● **Task objective**
The word "mathcomp" marks the lines you need; copy each of them from the data.

= = = =

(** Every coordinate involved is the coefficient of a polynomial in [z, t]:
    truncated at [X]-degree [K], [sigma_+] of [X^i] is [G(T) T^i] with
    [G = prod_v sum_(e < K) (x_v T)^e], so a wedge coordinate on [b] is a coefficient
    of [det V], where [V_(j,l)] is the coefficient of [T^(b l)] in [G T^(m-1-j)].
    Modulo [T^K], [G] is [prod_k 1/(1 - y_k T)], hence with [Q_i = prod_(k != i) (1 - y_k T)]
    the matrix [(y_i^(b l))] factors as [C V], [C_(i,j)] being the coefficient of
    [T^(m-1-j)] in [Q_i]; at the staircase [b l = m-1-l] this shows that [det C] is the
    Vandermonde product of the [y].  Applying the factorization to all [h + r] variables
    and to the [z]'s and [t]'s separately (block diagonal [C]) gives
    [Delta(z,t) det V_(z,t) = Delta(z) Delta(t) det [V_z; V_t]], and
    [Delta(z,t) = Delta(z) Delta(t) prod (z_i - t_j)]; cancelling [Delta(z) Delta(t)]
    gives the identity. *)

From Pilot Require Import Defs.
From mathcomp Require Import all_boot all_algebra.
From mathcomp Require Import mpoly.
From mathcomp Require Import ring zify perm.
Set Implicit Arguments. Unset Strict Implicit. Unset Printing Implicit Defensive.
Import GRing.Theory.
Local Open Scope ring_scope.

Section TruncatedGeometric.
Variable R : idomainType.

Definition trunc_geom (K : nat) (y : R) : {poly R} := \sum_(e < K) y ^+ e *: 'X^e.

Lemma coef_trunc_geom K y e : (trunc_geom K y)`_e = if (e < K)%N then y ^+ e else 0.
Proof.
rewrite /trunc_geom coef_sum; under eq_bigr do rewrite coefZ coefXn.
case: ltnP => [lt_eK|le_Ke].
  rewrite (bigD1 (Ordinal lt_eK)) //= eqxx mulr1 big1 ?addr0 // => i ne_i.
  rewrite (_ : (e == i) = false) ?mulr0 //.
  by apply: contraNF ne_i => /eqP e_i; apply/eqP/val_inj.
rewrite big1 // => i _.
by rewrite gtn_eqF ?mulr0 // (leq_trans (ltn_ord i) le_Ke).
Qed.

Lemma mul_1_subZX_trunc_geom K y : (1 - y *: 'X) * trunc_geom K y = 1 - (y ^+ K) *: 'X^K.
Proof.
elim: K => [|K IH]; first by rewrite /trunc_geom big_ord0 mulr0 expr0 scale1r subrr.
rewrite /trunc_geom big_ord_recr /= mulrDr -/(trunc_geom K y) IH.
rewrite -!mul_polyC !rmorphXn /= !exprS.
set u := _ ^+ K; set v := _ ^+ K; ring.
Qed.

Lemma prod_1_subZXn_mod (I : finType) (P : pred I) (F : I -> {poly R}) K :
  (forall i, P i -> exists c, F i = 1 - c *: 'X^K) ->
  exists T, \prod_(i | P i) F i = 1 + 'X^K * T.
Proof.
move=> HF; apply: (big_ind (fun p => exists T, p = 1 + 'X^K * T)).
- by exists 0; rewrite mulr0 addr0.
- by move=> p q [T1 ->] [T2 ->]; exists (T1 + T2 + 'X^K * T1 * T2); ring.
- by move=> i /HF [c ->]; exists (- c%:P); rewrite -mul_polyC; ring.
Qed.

= = = =

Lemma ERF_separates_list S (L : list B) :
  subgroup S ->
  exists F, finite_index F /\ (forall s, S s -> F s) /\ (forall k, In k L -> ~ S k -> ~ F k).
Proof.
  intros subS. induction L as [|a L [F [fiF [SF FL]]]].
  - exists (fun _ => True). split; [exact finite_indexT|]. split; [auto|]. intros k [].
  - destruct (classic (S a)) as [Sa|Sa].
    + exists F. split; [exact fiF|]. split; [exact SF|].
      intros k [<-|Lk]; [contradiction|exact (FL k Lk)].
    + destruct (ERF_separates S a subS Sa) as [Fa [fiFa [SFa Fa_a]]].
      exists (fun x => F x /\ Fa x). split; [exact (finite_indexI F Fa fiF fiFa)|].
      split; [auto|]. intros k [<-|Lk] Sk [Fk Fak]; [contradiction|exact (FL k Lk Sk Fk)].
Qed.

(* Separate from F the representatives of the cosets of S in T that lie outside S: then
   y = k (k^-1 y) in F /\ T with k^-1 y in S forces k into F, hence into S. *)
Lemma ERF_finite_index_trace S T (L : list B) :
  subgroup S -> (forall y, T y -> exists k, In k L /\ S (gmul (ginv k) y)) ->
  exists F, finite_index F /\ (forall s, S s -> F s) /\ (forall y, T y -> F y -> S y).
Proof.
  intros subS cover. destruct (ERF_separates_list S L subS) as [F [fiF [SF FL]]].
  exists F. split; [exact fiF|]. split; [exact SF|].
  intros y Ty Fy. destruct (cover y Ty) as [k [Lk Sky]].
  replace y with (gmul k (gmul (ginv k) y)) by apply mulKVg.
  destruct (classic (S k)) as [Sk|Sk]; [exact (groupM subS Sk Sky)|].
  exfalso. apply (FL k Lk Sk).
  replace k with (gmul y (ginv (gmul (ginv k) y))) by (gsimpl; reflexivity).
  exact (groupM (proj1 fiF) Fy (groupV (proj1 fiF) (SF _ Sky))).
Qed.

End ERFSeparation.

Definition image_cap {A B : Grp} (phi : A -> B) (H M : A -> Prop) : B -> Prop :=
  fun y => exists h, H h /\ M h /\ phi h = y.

= = = =

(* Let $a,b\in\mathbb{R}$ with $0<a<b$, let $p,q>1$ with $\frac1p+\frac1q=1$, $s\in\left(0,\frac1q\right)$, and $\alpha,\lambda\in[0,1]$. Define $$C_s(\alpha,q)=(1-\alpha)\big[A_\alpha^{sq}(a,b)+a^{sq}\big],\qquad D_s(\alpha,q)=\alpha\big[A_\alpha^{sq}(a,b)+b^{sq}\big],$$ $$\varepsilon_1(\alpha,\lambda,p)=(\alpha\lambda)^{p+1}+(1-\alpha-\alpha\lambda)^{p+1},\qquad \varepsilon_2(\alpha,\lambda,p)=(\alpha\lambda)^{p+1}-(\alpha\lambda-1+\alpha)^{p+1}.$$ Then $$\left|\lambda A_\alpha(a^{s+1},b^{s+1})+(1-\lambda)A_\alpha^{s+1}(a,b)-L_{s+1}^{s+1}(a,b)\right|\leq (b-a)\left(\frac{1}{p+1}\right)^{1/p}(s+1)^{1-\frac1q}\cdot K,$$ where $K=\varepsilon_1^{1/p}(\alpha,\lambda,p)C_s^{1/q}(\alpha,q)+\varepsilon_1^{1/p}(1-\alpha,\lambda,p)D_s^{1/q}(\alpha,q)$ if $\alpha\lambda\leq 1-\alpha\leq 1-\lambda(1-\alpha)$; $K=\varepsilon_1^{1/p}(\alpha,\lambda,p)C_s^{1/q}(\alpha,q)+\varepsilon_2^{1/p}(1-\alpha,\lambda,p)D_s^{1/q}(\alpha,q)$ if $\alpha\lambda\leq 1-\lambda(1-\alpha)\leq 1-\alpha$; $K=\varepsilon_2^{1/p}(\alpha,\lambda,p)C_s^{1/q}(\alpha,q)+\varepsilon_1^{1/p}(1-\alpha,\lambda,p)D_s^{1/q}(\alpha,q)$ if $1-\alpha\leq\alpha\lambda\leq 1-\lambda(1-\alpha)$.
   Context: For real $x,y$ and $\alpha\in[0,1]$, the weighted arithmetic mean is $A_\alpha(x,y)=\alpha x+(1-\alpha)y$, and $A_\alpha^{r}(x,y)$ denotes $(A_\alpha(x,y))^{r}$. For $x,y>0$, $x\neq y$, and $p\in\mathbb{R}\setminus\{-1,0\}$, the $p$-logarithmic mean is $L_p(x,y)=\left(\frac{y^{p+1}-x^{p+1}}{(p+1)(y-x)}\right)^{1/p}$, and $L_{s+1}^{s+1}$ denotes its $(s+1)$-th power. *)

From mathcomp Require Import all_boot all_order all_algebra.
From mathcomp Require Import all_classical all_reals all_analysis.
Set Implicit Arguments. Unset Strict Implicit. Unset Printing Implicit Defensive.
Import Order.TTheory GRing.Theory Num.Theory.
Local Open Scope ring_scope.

= = = =

● **Reply**
From mathcomp Require Import all_boot all_algebra.
From mathcomp Require Import mpoly.
From mathcomp Require Import ring zify perm.
From mathcomp Require Import all_boot all_order all_algebra.
From mathcomp Require Import all_classical all_reals all_analysis.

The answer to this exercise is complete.